(Collected data)
(* Let $P$ be a program and $G$ an execution graph with $\mathrm{cons}^P(G)$ and $\mathit{BE}(G)$, and let $T$ be a thread and $q$ an iteration index with $\mathit{fail}_G^T(q)$. Then $\mathrm{cons}^P(G-(T,q))$.
   Context: Programs. There are finite sets $\mathit{Register}$, $\mathit{Value}$, $\mathit{Location}$; $\mathit{State}=\mathit{Register}\to\mathit{Value}$; an update is a partial map $\mathit{Register}\rightharpoonup\mathit{Value}$, and $(\sigma\ll\mu)(r)=\mu(r)$ if $r\in\mathrm{Dom}(\mu)$, else $\sigma(r)$. Events are reads $R^m(x)$, writes $W^m(x,v)$, fences $F^m$, error $E$. A program $P$ consists of a finite set $\mathcal T$ of threads, each $T$ with a finite statement sequence $P_T(0),\dots,P_T(|P_T|-1)$. A statement is $\mathtt{step}(\epsilon,\delta)$ with $\epsilon:\mathit{State}\to\mathit{Event}$, $\delta:\mathit{State}\times(\mathit{Value}\cup\{\bot\})\to\mathit{Update}$, or $\mathtt{await}(n,\kappa)$ with $n\in\mathbb N$, $\kappa:\mathit{State}\to\{0,1\}$. Syntactic restriction: if $P_T(k)=\mathtt{await}(n,\cdot)$ then $n\le k$ and no $P_T(k')$ with $k'\in[k-n:k)$ is an await. ($[a:b)=\{a,\dots,b-1\}$.) An execution graph $G$ has a set $G.\mathrm E$ of triples $\langle T,t,e\rangle$ and a partial reads-from map $G.\mathrm{rf}$ from reads to writes. Thread-local semantics: $k_G^T(0)=0$, $\sigma_G^T(0)$ fixed; if $k_G^T(t)\ge|P_T|$ or no triple $\langle T,t,\cdot\rangle$ is in $G.\mathrm E$, execution stops ($N_G^T=t$). Otherwise with $S=P_T(k_G^T(t))$: $e_G^T(t)=\epsilon(\sigma_G^T(t))$ for $S=\mathtt{step}(\epsilon,\cdot)$, $F^{\mathrm{rlx}}$ for an await; $v_G^T(t)$ is the value of the write that $G.\mathrm{rf}$ assigns to $\langle T,t,e_G^T(t)\rangle$ if this is a read with defined rf, else $\bot$. For a step: $k_G^T(t+1)=k_G^T(t)+1$; if $e_G^T(t)$ is a read with $v_G^T(t)=\bot$ then $N_G^T=t+1$, $\sigma_G^T(t+1)=\sigma_G^T(t)$, else $\sigma_G^T(t+1)=\sigma_G^T(t)\ll\delta(\sigma_G^T(t),v_G^T(t))$. For $\mathtt{await}(n,\kappa)$: $\sigma_G^T(t+1)=\sigma_G^T(t)$ and $k_G^T(t+1)=k_G^T(t)+1$ if $\kappa(\sigma_G^T(t))=0$, else $k_G^T(t)-n$. $\mathrm{cons}^P(G)$ holds iff $G.\mathrm E=\{\langle T,t,e_G^T(t)\rangle\mid T\in\mathcal T,\ t<N_G^T\}$. Awaits: $\mathit{end}_G^T(0)<\mathit{end}_G^T(1)<\cdots$ enumerate the steps $t$ at which $P_T(k_G^T(t))$ is an await; $\mathit{len}_G^T(q)=n$ where $P_T(k_G^T(\mathit{end}_G^T(q)))=\mathtt{await}(n,\kappa)$; $\mathit{start}_G^T(q)=\mathit{end}_G^T(q)-\mathit{len}_G^T(q)$; $\mathit{fail}_G^T(q)$ iff $\kappa(\sigma_G^T(\mathit{end}_G^T(q)))=1$. Bounded effect. $\delta_G^T(t)=\delta(\sigma_G^T(t),v_G^T(t))$ if $P_T(k_G^T(t))=\mathtt{step}(\cdot,\delta)$ and not ($e_G^T(t)$ is a read and $v_G^T(t)=\bot$); otherwise the empty update. $\mathit{vis}_G^T(t,u)=\mathrm{Dom}(\delta_G^T(t))\setminus\bigcup_{t<u'<u}\mathrm{Dom}(\delta_G^T(u'))$. $F(\mathtt{step}(\epsilon,\delta))=\{\epsilon,\delta\}$, $F(\mathtt{await}(n,\kappa))=\{\kappa\}$. A function $f$ depends on $R\subseteq\mathit{Register}$ iff there are states $\sigma,\sigma'$ agreeing outside $R$ with $f(\sigma)\neq f(\sigma')$ (for $f=\delta$: $\delta(\sigma,v)\neq\delta(\sigma',v)$ for some $v$). Step $t$ of $T$ register-reads-from to step $u$ ($t\to_{\mathrm{rrf}}u$) iff $u\ge t$ and some $f\in F(P_T(k_G^T(u)))$ depends on $\mathit{vis}_G^T(t,u)$. $\mathit{BE}(G)$ holds iff for all $T$, all $q$ with $\mathit{fail}_G^T(q)$ and all $t\in[\mathit{start}_G^T(q):\mathit{end}_G^T(q))$: $e_G^T(t)$ is not a write, and $t\to_{\mathrm{rrf}}u$ implies $u\in[\mathit{start}_G^T(q):\mathit{end}_G^T(q))$. Deletion. For a failed iteration $q$ of $T$, $G-(T,q)$ is the graph obtained by the partial renaming $r$: $r(\langle U,t,e\rangle)=\langle U,t,e\rangle$ if $U\neq T$ or $t<\mathit{start}_G^T(q)$; $r(\langle T,t,e\rangle)=\langle T,t-(\mathit{len}_G^T(q)+1),e\rangle$ if $t>\mathit{end}_G^T(q)$; undefined (event deleted) otherwise. Then $(G-(T,q)).\mathrm E=r(G.\mathrm E)$ and $(G-(T,q)).\mathrm{rf}(e)=r(G.\mathrm{rf}(r^{-1}(e)))$. *)

From mathcomp Require Import all_boot.
Set Implicit Arguments. Unset Strict Implicit. Unset Printing Implicit Defensive.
(End Collected data)
Your answer should be the listing itself, repeated exactly.

Answer —
(* Let $P$ be a program and $G$ an execution graph with $\mathrm{cons}^P(G)$ and $\mathit{BE}(G)$, and let $T$ be a thread and $q$ an iteration index with $\mathit{fail}_G^T(q)$. Then $\mathrm{cons}^P(G-(T,q))$.
   Context: Programs. There are finite sets $\mathit{Register}$, $\mathit{Value}$, $\mathit{Location}$; $\mathit{State}=\mathit{Register}\to\mathit{Value}$; an update is a partial map $\mathit{Register}\rightharpoonup\mathit{Value}$, and $(\sigma\ll\mu)(r)=\mu(r)$ if $r\in\mathrm{Dom}(\mu)$, else $\sigma(r)$. Events are reads $R^m(x)$, writes $W^m(x,v)$, fences $F^m$, error $E$. A program $P$ consists of a finite set $\mathcal T$ of threads, each $T$ with a finite statement sequence $P_T(0),\dots,P_T(|P_T|-1)$. A statement is $\mathtt{step}(\epsilon,\delta)$ with $\epsilon:\mathit{State}\to\mathit{Event}$, $\delta:\mathit{State}\times(\mathit{Value}\cup\{\bot\})\to\mathit{Update}$, or $\mathtt{await}(n,\kappa)$ with $n\in\mathbb N$, $\kappa:\mathit{State}\to\{0,1\}$. Syntactic restriction: if $P_T(k)=\mathtt{await}(n,\cdot)$ then $n\le k$ and no $P_T(k')$ with $k'\in[k-n:k)$ is an await. ($[a:b)=\{a,\dots,b-1\}$.) An execution graph $G$ has a set $G.\mathrm E$ of triples $\langle T,t,e\rangle$ and a partial reads-from map $G.\mathrm{rf}$ from reads to writes. Thread-local semantics: $k_G^T(0)=0$, $\sigma_G^T(0)$ fixed; if $k_G^T(t)\ge|P_T|$ or no triple $\langle T,t,\cdot\rangle$ is in $G.\mathrm E$, execution stops ($N_G^T=t$). Otherwise with $S=P_T(k_G^T(t))$: $e_G^T(t)=\epsilon(\sigma_G^T(t))$ for $S=\mathtt{step}(\epsilon,\cdot)$, $F^{\mathrm{rlx}}$ for an await; $v_G^T(t)$ is the value of the write that $G.\mathrm{rf}$ assigns to $\langle T,t,e_G^T(t)\rangle$ if this is a read with defined rf, else $\bot$. For a step: $k_G^T(t+1)=k_G^T(t)+1$; if $e_G^T(t)$ is a read with $v_G^T(t)=\bot$ then $N_G^T=t+1$, $\sigma_G^T(t+1)=\sigma_G^T(t)$, else $\sigma_G^T(t+1)=\sigma_G^T(t)\ll\delta(\sigma_G^T(t),v_G^T(t))$. For $\mathtt{await}(n,\kappa)$: $\sigma_G^T(t+1)=\sigma_G^T(t)$ and $k_G^T(t+1)=k_G^T(t)+1$ if $\kappa(\sigma_G^T(t))=0$, else $k_G^T(t)-n$. $\mathrm{cons}^P(G)$ holds iff $G.\mathrm E=\{\langle T,t,e_G^T(t)\rangle\mid T\in\mathcal T,\ t<N_G^T\}$. Awaits: $\mathit{end}_G^T(0)<\mathit{end}_G^T(1)<\cdots$ enumerate the steps $t$ at which $P_T(k_G^T(t))$ is an await; $\mathit{len}_G^T(q)=n$ where $P_T(k_G^T(\mathit{end}_G^T(q)))=\mathtt{await}(n,\kappa)$; $\mathit{start}_G^T(q)=\mathit{end}_G^T(q)-\mathit{len}_G^T(q)$; $\mathit{fail}_G^T(q)$ iff $\kappa(\sigma_G^T(\mathit{end}_G^T(q)))=1$. Bounded effect. $\delta_G^T(t)=\delta(\sigma_G^T(t),v_G^T(t))$ if $P_T(k_G^T(t))=\mathtt{step}(\cdot,\delta)$ and not ($e_G^T(t)$ is a read and $v_G^T(t)=\bot$); otherwise the empty update. $\mathit{vis}_G^T(t,u)=\mathrm{Dom}(\delta_G^T(t))\setminus\bigcup_{t<u'<u}\mathrm{Dom}(\delta_G^T(u'))$. $F(\mathtt{step}(\epsilon,\delta))=\{\epsilon,\delta\}$, $F(\mathtt{await}(n,\kappa))=\{\kappa\}$. A function $f$ depends on $R\subseteq\mathit{Register}$ iff there are states $\sigma,\sigma'$ agreeing outside $R$ with $f(\sigma)\neq f(\sigma')$ (for $f=\delta$: $\delta(\sigma,v)\neq\delta(\sigma',v)$ for some $v$). Step $t$ of $T$ register-reads-from to step $u$ ($t\to_{\mathrm{rrf}}u$) iff $u\ge t$ and some $f\in F(P_T(k_G^T(u)))$ depends on $\mathit{vis}_G^T(t,u)$. $\mathit{BE}(G)$ holds iff for all $T$, all $q$ with $\mathit{fail}_G^T(q)$ and all $t\in[\mathit{start}_G^T(q):\mathit{end}_G^T(q))$: $e_G^T(t)$ is not a write, and $t\to_{\mathrm{rrf}}u$ implies $u\in[\mathit{start}_G^T(q):\mathit{end}_G^T(q))$. Deletion. For a failed iteration $q$ of $T$, $G-(T,q)$ is the graph obtained by the partial renaming $r$: $r(\langle U,t,e\rangle)=\langle U,t,e\rangle$ if $U\neq T$ or $t<\mathit{start}_G^T(q)$; $r(\langle T,t,e\rangle)=\langle T,t-(\mathit{len}_G^T(q)+1),e\rangle$ if $t>\mathit{end}_G^T(q)$; undefined (event deleted) otherwise. Then $(G-(T,q)).\mathrm E=r(G.\mathrm E)$ and $(G-(T,q)).\mathrm{rf}(e)=r(G.\mathrm{rf}(r^{-1}(e)))$. *)

From mathcomp Require Import all_boot.
Set Implicit Arguments. Unset Strict Implicit. Unset Printing Implicit Defensive.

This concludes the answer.